Werner C, Beck L, Bender H G, Greuel H, Mannherz K H, Potthoff S, Schuck U
Geburtshilfe Frauenheilkd. 1977 Jul;37(7):566-71.
Follow-up examinations were carried out in 60 women who underwent a reduction mammoplasty. Their review concentrated on the questions of the frequency of postoperative complications, the possibility to avoid complications by a modification of the technique and the question of mammographic evaluation of the breast in the face of scars from the mammoplasty. There were 12 severe complications. There were 6 necroses of the nipples, there were 3 abscesses, there were 2 suture fistulas and there was one case of massive hematoma. The complications depend on the amount of tissue resected. Especially necroses of the nipples depend upon the amount of tissue resected. With increasing experience of the surgeon, the nipple is moved without tension by lateral division of tissues and omission of resection of tissue above the nipple. This reduces the risk of necrosis of the nipple. Ugly scars are avoided by additional subcutaneous dexon double O sutures and additional subcuticular structures. Prolonged immobilization and later removal of the sutures help to obtain fine scars. A comparison of the preoperative and postoperative mammographies showed that 78% of the X-rays could be evaluated for carcinoma more readily postoperatively than before. For the differential diagnosis to scars from the operative, a preoperative and postoperative mammogram is necessary for comparison.

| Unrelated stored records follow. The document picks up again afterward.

Definition graph_pt (z : Z2) : X :=
  exist _ (z, code z) (fun k => ex_intro _ z (fun i _ => conj eq_refl eq_refl)).

Definition shift_pt (p : point) : point := (succ (fst p), fun i => snd p (S i)).

Lemma shift_pt_inX p : inX p -> inX (shift_pt p).
Proof.
  intros H k. destruct (H (S k)) as [y Hy]. exists (succ y).
  intros i Hi. simpl. split.
  - apply (succ_agree (S k)); auto. intros m Hm; apply (Hy m Hm).
  - rewrite code_succ. apply (Hy (S i)); lia.
Qed.

Definition TX (x : X) : X := exist _ (shift_pt (proj1_sig x)) (shift_pt_inX _ (proj2_sig x)).

Lemma iter_TX n x : proj1_sig (iterT X TX n x) =
  (add (fst (proj1_sig x)) n, fun i => snd (proj1_sig x) (n + i)%nat).
Proof.
  induction n.
  - simpl. destruct (proj1_sig x); auto.
  - unfold iterT in *. simpl Nat.iter. simpl proj1_sig. rewrite IHn. unfold shift_pt. simpl.
    f_equal. extensionality i. f_equal. lia.
Qed.

Lemma iter_graph_pt n z : iterT X TX n (graph_pt z) = graph_pt (add z n).
Proof.
  apply X_eq. rewrite iter_TX. simpl. f_equal. extensionality i.
  revert z. induction n; intros z; auto.
  rewrite add_succ. simpl. rewrite <- code_succ, <- IHn. auto.
Qed.

Lemma TX_graph_pt z : TX (graph_pt z) = graph_pt (succ z).
Proof. apply (iter_graph_pt 1). Qed.

Lemma X_metric : is_metric X dX.
Proof.
  unfold is_metric, dX. split; [|split; [|split]].
  - intros; apply dpt_ge0.
  - intros x y. rewrite dpt_eq0. split; [apply X_eq | intros ->; auto].
  - intros; apply dpt_sym.
  - intros; apply dpt_triangle.
Qed.

Lemma open_of_agree (x : X) (k : nat) (U : X -> Prop) :
  (forall y, agree (proj1_sig x) (proj1_sig y) k -> U y) ->
  exists r, 0 < r /\ forall y, dX x y < r -> U y.
Proof.
  intros H. exists ((/2)^k). split; [apply half_pow_pos|]. intros y Hy.
  apply H. apply dpt_lt in Hy. eapply agree_le; [|exact Hy]. lia.
Qed.
Lemma Fg_metarule n (P : nat -> seq (term L)) (t : nat -> term L) (Q : seq (term L)) c :
  (forall (G : seq (term L)) (s : nat -> term L),
     (forall k, (k < n)%N ->
        entails lg (union (setl G) (setl (map (subst s) (P k)))) (subst s (t k))) ->
     entails lg (union (setl G) (setl (map (subst s) Q))) (subst s c)) ->
  forall X h, (forall k, (k < n)%N -> Fg lg (union X (setl (map (eval h) (P k)))) (eval h (t k))) ->
  Fg lg (union X (setl (map (eval h) Q))) (eval h c).
Proof.
move=> rule X h /entails_of_Fg [V [Vh [Pi Pi_X Pi_P]]].
rewrite -(eval_to_even _ Vh); apply: Fg_entails (rule Pi (fun i => Var i.*2) Pi_P) _.
move=> u [/Pi_X|/List.in_map_iff [q [<- q_Q]]]; first by apply: Fg_mono => x Xx; left.
by apply: Fg_sub; right; rewrite (eval_to_even _ Vh); apply: List.in_map.
Qed.

End Derivations.

(** * Inconsistency lemma, deduction theorem and proof by cases on filters *)

Section Witnesses.
Variable A : algebra L.
Implicit Types (X : A -> Prop) (l : seq A).

Section Inconsistency.
Variable neg : nat -> seq (term L).
Hypothesis neg_IL : IL_witness lg neg.

Lemma IL_self_inconsistent (phis : seq (term L)) : (0 < size phis)%N ->
  inconsistent lg (union (setl (map (inst phis) (neg (size phis)))) (setl phis)).
Proof.
by move=> phis_gt0; have [_ [_ negP]] := neg_IL phis_gt0; apply/negP => // t; apply: entails_refl.
Qed.
Lemma frob_prod_conjugates n w : iter n frob w = w ->
  map_poly frob (\prod_(z <- conjugates n w) ('X - z%:P)) =
  \prod_(z <- conjugates n w) ('X - z%:P).
Proof.
move=> wn; rewrite !big_conjugates rmorph_prod.
rewrite (eq_bigr (fun i : 'I_n => 'X - (frob (iter i frob w))%:P)) => [|i _]; last first.
  exact: map_polyXsubC.
exact: (big_iter_rot _ (fun z => 'X - z%:P) wn).
Qed.

Lemma trace_root n (P : {poly F}) w :
  prime n -> P \is monic -> size P = n.+1 -> irreducible_poly P ->
  P %| 'X^(#|F| ^ n) - 'X -> root (map_poly f P) w ->
  f P`_n.-1 = - trace n w.
Proof.
move=> n_prime monP sizeP irrP dvdP rw.
rewrite -coef_map (map_poly_conjugates n_prime monP sizeP irrP dvdP rw).
have n_neq0 : n != 0%N by rewrite -lt0n prime_gt0.
have := coefPn_prod_XsubC (ps := conjugates n w).
by rewrite size_mkseq (big_conjugates _ _ _ id) => /(_ n_neq0) ->.
Qed.

Lemma three_roots_sum_neq0 n (P : {poly F}) x y z :
  prime n -> P \is monic -> size P = n.+1 -> irreducible_poly P ->
  P %| 'X^(#|F| ^ n) - 'X -> P`_n.-1 = -1 -> 3%:R != 0 :> F ->
  root (map_poly f P) x -> root (map_poly f P) y -> root (map_poly f P) z ->
  x + y + z != 0.
Proof.
move=> n_prime monP sizeP irrP dvdP coefP three_neq0 rx ry rz.
have trace1 w : root (map_poly f P) w -> trace n w = 1.
  move=> rw; apply: oppr_inj.
  by rewrite -(trace_root n_prime monP sizeP irrP dvdP rw) coefP rmorphN1.
apply: contra_neq three_neq0 => sum0; apply: (fmorph_inj f).
have := congr1 (trace n) sum0.
rewrite !traceD (trace1 x rx) (trace1 y ry) (trace1 z rz).
rewrite (trace_fixed _ (rmorph0 _)) mul0rn rmorph0 rmorph_nat => <-.
by rewrite !mulrS mulr0n addr0 addrA.
Qed.

End Conjugates.

Lemma irreducible_minPoly1 (K : fieldType) (L : fieldExtType K) (a : L) (P : {poly K}) :
  minPoly 1%AS a = map_poly (in_alg L) P -> irreducible_poly P.
Proof.
move=> mP; split; first by rewrite -(size_map_poly (in_alg L)) -mP size_minPoly.
move=> D sD dD.
have D_over : map_poly (in_alg L) D \is a polyOver 1%AS by apply/polyOver1P; exists D.
have D_dvd : map_poly (in_alg L) D %| minPoly 1%AS a by rewrite mP dvdp_map.
case/orP: (minPoly_irr D_over D_dvd); first by rewrite mP eqp_map.
rewrite -(rmorph1 (map_poly (in_alg L))) eqp_map => /eqp_size.
by rewrite size_poly1 => sD1; rewrite sD1 in sD.
Qed.

Section Existence.
Variables (F : finFieldType) (n : nat).
Hypothesis n_prime : prime n.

对60例行乳房缩小成形术的女性进行了随访检查。她们的复查集中在术后并发症的发生率、通过技术改良避免并发症的可能性以及乳房成形术瘢痕情况下乳房钼靶评估的问题上。有12例严重并发症。其中乳头坏死6例,脓肿3例,缝线瘘2例,大面积血肿1例。并发症取决于切除组织的量。特别是乳头坏死取决于切除组织的量。随着外科医生经验的增加,通过侧向组织分离和不切除乳头上方组织,乳头可无张力移动。这降低了乳头坏死的风险。通过额外的皮下可吸收双O缝线和额外的皮下结构可避免难看的瘢痕。延长固定时间并随后拆除缝线有助于获得良好的瘢痕。术前和术后乳房钼靶检查的比较显示,78%的X线片术后比术前更容易对癌症进行评估。为了与手术瘢痕进行鉴别诊断,术前和术后乳房钼靶检查进行比较是必要的。